From the listing below, copy only the lines from the line that contains "have Gh' : G" to the line that contains "Definition controlled_cover (J", counting those two lines as part of the copy.

────────────────

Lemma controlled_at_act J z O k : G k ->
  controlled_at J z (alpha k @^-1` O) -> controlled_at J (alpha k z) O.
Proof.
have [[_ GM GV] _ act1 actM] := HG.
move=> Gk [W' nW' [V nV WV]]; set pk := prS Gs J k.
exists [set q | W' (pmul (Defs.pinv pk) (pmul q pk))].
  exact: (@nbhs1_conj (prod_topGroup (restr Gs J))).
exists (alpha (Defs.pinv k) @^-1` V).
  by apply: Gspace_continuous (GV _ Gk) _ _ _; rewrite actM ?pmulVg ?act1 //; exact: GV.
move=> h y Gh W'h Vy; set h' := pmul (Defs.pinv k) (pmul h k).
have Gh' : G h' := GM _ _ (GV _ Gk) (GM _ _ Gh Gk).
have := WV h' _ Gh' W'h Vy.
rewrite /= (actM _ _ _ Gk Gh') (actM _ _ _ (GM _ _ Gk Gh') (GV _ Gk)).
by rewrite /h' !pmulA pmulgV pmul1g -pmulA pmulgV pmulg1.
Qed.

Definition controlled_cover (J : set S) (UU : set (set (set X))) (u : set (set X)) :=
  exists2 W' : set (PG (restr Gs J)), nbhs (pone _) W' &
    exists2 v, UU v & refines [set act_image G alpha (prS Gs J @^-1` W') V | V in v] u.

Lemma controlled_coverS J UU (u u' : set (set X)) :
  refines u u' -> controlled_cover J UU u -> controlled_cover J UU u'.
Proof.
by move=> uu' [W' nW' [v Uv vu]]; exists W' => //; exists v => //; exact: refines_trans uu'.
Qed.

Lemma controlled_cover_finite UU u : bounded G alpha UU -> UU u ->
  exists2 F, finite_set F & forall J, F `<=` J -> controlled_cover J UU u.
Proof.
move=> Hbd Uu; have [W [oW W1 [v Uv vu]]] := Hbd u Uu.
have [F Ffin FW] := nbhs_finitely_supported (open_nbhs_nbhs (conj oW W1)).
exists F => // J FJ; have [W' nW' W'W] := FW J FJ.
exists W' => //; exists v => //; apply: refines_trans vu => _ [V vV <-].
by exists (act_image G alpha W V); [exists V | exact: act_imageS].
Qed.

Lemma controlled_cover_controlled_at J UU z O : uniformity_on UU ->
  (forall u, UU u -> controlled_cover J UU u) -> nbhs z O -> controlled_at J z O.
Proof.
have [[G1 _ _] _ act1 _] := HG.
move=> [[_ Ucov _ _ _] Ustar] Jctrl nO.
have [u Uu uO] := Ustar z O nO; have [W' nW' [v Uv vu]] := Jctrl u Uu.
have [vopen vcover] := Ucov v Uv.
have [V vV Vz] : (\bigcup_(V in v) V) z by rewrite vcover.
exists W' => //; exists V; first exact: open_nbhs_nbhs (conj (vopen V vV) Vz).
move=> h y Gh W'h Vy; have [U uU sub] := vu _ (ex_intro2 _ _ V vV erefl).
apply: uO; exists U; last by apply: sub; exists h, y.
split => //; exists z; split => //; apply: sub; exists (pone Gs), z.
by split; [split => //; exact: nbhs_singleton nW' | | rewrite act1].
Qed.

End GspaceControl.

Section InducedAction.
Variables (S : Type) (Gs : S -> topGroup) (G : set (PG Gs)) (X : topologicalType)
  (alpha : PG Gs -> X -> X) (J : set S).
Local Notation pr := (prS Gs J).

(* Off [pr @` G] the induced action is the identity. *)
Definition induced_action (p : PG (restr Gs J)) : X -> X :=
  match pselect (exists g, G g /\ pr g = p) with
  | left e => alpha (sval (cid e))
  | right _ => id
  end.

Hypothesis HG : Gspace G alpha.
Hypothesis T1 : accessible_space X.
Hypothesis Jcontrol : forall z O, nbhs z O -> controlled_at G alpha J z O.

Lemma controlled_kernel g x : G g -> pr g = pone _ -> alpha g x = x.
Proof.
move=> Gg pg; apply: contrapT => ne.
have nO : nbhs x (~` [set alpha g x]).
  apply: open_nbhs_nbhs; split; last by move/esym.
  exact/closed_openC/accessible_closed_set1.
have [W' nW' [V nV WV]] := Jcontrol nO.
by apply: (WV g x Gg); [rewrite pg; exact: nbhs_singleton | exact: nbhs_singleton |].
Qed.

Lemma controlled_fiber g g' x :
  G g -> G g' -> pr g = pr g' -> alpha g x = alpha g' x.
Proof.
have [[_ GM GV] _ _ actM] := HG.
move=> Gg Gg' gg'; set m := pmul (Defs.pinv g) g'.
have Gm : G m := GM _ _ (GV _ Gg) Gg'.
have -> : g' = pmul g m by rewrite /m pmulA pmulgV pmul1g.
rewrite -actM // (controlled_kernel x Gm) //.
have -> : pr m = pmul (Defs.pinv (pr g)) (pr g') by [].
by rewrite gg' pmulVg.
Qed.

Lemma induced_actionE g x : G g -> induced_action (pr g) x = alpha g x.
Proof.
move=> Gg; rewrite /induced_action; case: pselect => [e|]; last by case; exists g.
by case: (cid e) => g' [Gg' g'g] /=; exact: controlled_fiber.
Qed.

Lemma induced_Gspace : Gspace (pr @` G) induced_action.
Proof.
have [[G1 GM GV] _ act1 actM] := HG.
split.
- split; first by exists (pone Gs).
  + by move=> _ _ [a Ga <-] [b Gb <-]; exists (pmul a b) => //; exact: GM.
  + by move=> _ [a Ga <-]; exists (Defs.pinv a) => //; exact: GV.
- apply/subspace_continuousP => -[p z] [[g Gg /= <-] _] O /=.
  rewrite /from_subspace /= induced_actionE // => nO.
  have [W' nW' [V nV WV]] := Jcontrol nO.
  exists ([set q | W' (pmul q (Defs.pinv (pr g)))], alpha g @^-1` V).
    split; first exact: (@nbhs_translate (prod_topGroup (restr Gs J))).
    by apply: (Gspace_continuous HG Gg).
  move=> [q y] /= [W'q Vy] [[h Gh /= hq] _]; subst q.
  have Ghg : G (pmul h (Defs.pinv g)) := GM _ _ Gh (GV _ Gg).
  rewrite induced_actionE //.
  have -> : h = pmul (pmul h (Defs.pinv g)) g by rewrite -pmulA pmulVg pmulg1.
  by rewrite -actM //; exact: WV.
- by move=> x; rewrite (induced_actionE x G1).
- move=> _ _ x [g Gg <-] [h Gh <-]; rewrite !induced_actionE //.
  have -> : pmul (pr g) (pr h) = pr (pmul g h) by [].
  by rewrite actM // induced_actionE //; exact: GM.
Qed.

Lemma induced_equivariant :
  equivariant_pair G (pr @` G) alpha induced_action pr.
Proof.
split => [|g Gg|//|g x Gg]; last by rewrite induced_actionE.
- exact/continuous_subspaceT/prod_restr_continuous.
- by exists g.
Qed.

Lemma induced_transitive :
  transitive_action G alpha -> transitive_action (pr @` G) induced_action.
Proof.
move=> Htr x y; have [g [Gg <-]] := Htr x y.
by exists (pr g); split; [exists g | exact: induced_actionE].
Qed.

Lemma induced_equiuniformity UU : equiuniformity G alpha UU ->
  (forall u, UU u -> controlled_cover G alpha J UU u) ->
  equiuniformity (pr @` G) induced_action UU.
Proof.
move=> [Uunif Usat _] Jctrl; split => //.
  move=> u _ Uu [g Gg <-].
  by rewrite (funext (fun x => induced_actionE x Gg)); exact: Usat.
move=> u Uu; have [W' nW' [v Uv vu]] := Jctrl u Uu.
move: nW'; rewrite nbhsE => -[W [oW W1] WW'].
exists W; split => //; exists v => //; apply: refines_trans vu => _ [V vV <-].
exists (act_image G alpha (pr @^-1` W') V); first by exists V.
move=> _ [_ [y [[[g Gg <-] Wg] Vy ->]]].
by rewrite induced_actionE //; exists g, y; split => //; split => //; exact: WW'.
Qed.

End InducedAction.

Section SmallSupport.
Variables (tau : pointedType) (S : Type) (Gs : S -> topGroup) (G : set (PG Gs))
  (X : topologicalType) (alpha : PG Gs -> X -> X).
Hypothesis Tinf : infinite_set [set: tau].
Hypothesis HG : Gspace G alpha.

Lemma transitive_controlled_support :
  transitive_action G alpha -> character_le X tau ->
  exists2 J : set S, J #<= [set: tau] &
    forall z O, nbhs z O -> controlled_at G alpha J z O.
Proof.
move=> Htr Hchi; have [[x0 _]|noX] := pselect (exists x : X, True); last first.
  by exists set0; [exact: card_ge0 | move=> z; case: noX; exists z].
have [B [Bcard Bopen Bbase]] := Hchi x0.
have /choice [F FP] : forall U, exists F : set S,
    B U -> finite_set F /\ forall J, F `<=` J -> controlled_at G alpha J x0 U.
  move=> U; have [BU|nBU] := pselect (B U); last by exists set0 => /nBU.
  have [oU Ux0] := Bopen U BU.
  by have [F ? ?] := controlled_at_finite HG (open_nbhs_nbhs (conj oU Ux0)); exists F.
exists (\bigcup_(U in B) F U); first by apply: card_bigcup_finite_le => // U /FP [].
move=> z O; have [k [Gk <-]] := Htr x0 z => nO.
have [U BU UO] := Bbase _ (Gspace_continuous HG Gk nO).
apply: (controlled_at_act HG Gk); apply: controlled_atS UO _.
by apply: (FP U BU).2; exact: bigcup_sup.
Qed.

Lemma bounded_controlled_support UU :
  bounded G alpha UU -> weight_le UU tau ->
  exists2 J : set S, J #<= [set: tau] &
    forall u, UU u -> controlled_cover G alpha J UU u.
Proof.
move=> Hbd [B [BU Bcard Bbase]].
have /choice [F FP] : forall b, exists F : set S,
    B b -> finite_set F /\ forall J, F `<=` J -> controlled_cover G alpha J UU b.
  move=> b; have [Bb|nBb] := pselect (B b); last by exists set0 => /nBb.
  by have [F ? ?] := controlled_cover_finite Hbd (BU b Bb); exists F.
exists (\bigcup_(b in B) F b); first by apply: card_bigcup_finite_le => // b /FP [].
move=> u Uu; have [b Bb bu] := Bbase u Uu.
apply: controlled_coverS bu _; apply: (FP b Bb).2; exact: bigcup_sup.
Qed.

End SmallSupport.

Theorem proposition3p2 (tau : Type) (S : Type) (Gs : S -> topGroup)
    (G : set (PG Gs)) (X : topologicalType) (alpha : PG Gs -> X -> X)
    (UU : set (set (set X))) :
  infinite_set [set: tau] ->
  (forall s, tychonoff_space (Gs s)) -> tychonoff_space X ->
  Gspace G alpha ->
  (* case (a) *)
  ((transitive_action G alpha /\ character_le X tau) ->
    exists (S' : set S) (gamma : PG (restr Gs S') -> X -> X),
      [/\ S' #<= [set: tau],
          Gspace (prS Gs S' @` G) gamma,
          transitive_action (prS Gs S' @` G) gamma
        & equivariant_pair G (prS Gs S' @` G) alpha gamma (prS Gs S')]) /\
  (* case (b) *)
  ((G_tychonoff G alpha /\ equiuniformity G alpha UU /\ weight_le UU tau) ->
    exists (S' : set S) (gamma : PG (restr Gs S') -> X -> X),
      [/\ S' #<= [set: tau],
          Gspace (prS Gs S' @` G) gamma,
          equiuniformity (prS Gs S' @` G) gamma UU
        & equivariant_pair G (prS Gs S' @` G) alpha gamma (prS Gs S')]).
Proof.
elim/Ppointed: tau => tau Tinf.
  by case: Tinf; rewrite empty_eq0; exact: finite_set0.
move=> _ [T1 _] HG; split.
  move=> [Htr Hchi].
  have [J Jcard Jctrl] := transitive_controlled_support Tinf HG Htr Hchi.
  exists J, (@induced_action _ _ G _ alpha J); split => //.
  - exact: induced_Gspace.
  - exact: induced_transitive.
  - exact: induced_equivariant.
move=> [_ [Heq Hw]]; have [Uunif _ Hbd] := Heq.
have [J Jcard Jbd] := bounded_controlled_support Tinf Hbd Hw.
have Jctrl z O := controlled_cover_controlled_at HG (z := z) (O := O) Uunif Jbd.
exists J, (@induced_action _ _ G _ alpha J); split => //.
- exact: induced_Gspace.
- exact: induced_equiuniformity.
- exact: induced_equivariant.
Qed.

────────────────

# Task answer:
have Gh' : G h' := GM _ _ (GV _ Gk) (GM _ _ Gh Gk).
have := WV h' _ Gh' W'h Vy.
rewrite /= (actM _ _ _ Gk Gh') (actM _ _ _ (GM _ _ Gk Gh') (GV _ Gk)).
by rewrite /h' !pmulA pmulgV pmul1g -pmulA pmulgV pmulg1.
Qed.

Definition controlled_cover (J : set S) (UU : set (set (set X))) (u : set (set X)) :=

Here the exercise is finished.